I appreciate Lisa Sorrell's demonstration in: https://www.youtube.com/watch?v=ComqLvptUxQ of how she applies Aqualim 315 contact cement. She keeps it in a plastic ketchup bottle, and squirts a bit of it on the piece she is working with. She then spreads it with this silicone brush. I use a silicone kitchen spatula for bigger areas. After it dries, you can easily peel the cement off of the brush.
You can't pass a needle through shoemaking leather without making holes first. Here are tools you can use to punch them. You can use a hammer and nail to make stitch holes, obviously. If you go this route, make little punch boards to go under the leather from slices of a thick tree branch - end-cut wood makes the best hand-made punching surface.
- 00 spring punch - Use it to make stitching holes on your soling and the bottom edge of your upper, and for any stitching on the uppers.

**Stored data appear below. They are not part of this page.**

Definition all_orthogonal (S : ttensor) : Prop :=
  forall (n : 'I_N) (a b : 'I_(I n)), a != b ->
    \sum_(i : tidx | i n == a)
      \sum_(j : tidx | (j n == b) && [forall m, (m != n) ==> (j m == i m)])
        tmul (tconj (S i)) (S j) = 0.

Definition slice_norm (S : ttensor) (n : 'I_N) (a : 'I_(I n)) : C :=
  sqrtC (\sum_(i : tidx | i n == a) \sum_(k < p) `|S i k 0| ^+ 2).

Definition ordered_slices (S : ttensor) : Prop :=
  forall (n : 'I_N) (a b : 'I_(I n)), (a <= b)%N ->
    slice_norm S b <= slice_norm S a.
End Tubal.

Definition cunitary (R : rcfType) (p : nat) (W : 'M[R[i]]_p) : Prop :=
  W *m (map_mx (fun z : R[i] => z^*) W)^T = 1%:M /\
  (map_mx (fun z : R[i] => z^*) W)^T *m W = 1%:M.

From HB Require Import structures.
From mathcomp Require Import all_boot all_order all_algebra.
From mathcomp Require Import complex ring.
Import Order.TTheory GRing.Theory Num.Theory Num.Def.
Set Implicit Arguments.
Unset Strict Implicit.
Unset Printing Implicit Defensive.
Local Open Scope ring_scope.
Local Open Scope sesquilinear_scope.

(* Applying [L] to the tubes turns the tubal product into the entrywise
   product, so every identity can be checked one frontal slice [k] of the
   transformed tensors at a time, where it is a statement about an ordinary
   complex tensor.  On slice [k] the construction is the classical HOSVD: the
   mode-[n] factor comes from an eigenbasis [P] of the Hermitian mode-[n] Gram
   matrix [G] of [L(A)], sorted by decreasing eigenvalue, and the core is [L(A)]
   multiplied in every mode by [conj P].  Multiplying a tensor in all modes by
   matrices with orthonormal columns transforms its mode-[n] Gram matrix by
   conjugation, so the Gram matrix of the core is the diagonal matrix [P G P^H]:
   this is all-orthogonality.  Its diagonal entries are the squared norms of the
   slices of the transformed core; when [L = c W] with [W] unitary, the norm of a
   tube is [|c|^-1] times the norm of its transform, so summing the sorted
   eigenvalues over [k] orders the slice norms. *)

Lemma bigA_distr_dffun (K : comNzSemiRingType) (J : finType) (T_ : J -> finType)
    (F : forall j, T_ j -> K) :
  \prod_j \sum_(x : T_ j) F j x = \sum_(t : {dffun forall j, T_ j}) \prod_j F j (t j).
Proof.
symmetry; rewrite (reindex (@dffun_of_fprod J T_)) /=; last first.
  exact/onW_bij/dffun_of_fprod_bij.
pose P_ j := [ffun x : T_ j => F j x].
transitivity (\sum_(t : fprod T_) \prod_(j in J) P_ j (t j)).
  by apply: eq_bigr => t _; apply: eq_bigr => j _; rewrite !ffunE.
rewrite big_fprod.
transitivity (\prod_j \sum_(x in tagged_with T_ j) untag 0 (P_ j) x).
  by rewrite bigA_distr_big_dep; apply: eq_bigl.
apply: eq_bigr => j _; rewrite -(big_tag P_ j).
by apply: eq_bigr => x _; rewrite ffunE.
Qed.

Lemma sum_delta (K : pzSemiRingType) (T : finType) (a : T) (f : T -> K) :
  \sum_x (x == a)%:R * f x = f a.
Proof.
rewrite (bigD1 a) //= eqxx mul1r big1 ?addr0 // => x /negbTE->.
by rewrite mul0r.
Qed.

Lemma sum_delta2 (K : pzSemiRingType) (T1 T2 : finType) (a : T1) (b : T2)
    (f : T1 -> T2 -> K) :
  \sum_x \sum_y ((x == a) && (y == b))%:R * f x y = f a b.
Proof.
under eq_bigr => x _ do under eq_bigr => y _ do rewrite -mulnb natrM -mulrA.
by under eq_bigr => x _ do rewrite -big_distrr /= sum_delta; rewrite sum_delta.
Qed.

Lemma prod_delta_dffun (K : comNzSemiRingType) (J : finType) (T_ : J -> finType)
    (i j : {dffun forall m, T_ m}) :
  \prod_m ((i m == j m)%:R : K) = (i == j)%:R.
Proof.
have [->|/eqP neq_ij] := eqVneq i j; first by rewrite big1 // => m _; rewrite eqxx.
have [m /negbTE neq_m] : exists m, i m != j m.
  by apply/existsP; apply: contra_notT neq_ij; rewrite negb_exists => /forallP eq_ij;
     apply/ffunP => m; apply/eqP; rewrite -[_ == _]negbK eq_ij.
by rewrite (bigD1 m) //= neq_m mul0r.
Qed.

Lemma prod_delta_dffun_but (K : comNzSemiRingType) (J : finType) (T_ : J -> finType)
    (n : J) (i j : {dffun forall m, T_ m}) :
  \prod_(m | m != n) ((i m == j m)%:R : K) =
  [forall m, (m != n) ==> (i m == j m)]%:R.
Proof.
case: forallP => [eq_ij|/forallP].
  by rewrite big1 // => m /(implyP (eq_ij m)) ->.
rewrite negb_forall => /existsP[m]; rewrite negb_imply => /andP[neq_mn /negbTE neq_m].
by rewrite (bigD1 m neq_mn) /= neq_m mul0r.
Qed.

Lemma exchange_big2 (K : nmodType) (T1 T2 T3 T4 : finType)
    (F : T1 -> T2 -> T3 -> T4 -> K) :
  \sum_a \sum_b \sum_c \sum_d F a b c d = \sum_c \sum_d \sum_a \sum_b F a b c d.
Proof.
under eq_bigr => a _ do
  (rewrite exchange_big /=; under eq_bigr => c _ do rewrite exchange_big /=).
by rewrite exchange_big /=; apply: eq_bigr => c _; rewrite exchange_big.
Qed.

Section ComplexTensor.
Variables (C : numClosedFieldType) (N : nat) (I : 'I_N -> nat).
Local Notation tidx := (@tidx N I).
Implicit Types (T : tidx -> C) (Q : forall m, 'M[C]_(I m)).

Definition cmodeprod Q T : tidx -> C :=
  fun j => \sum_(i : tidx) (\prod_m Q m (j m) (i m)) * T i.

Lemma eq_cmodeprodl Q Q' T :
  (forall m, Q m = Q' m) -> cmodeprod Q T =1 cmodeprod Q' T.
Proof.
move=> eqQ j; apply: eq_bigr => i _; congr (_ * _).
by apply: eq_bigr => m _; rewrite eqQ.
Qed.

Lemma eq_cmodeprodr Q T T' : T =1 T' -> cmodeprod Q T =1 cmodeprod Q T'.
Proof. by move=> eqT j; apply: eq_bigr => i _; rewrite eqT. Qed.

Lemma cmodeprod1 T : cmodeprod (fun m => 1%:M) T =1 T.
Proof.
move=> j; rewrite -[RHS](sum_delta j T); apply: eq_bigr => i _.
rewrite -prod_delta_dffun; congr (_ * _); apply: eq_bigr => m _.
by rewrite mxE eq_sym.
Qed.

Always place a scrap piece of leather under the material you are punching through, and the punch will make a cleaner hole.
You can use a 00 drive punch as an alternative or an addition to the spring punch. You need a mallet to hit the punch with and an appropriate pounding board underneath the piece you are punching holes in. It could be a thick plastic cutting board, an end-cut wood cutting board, or the cut end of a log, shown here.
This tool needs to be thinner at the tip than the rest of the punch. Do not get one that is totally tapered for punching holes in two layers of soling. You might choose to use a diamond-shaped punch, a one-prong thonging chisel, or a stitching awl needle inserted into a drill press as alternatives.
rotary punch - The inexpensive punch from harbor freight makes bigger holes than the 00 punch. The biggest tube can make holes for laces to go through on a tie shoe.
- silver or other gel pen - for transferring outlines of patterns and placement of stitching holes on shoe components. It can be washed off with a little soap and water (check it on a scrap first for stains) or use a "magic sponge."
- brown paper bag - for burnishing the edge of a leather sole.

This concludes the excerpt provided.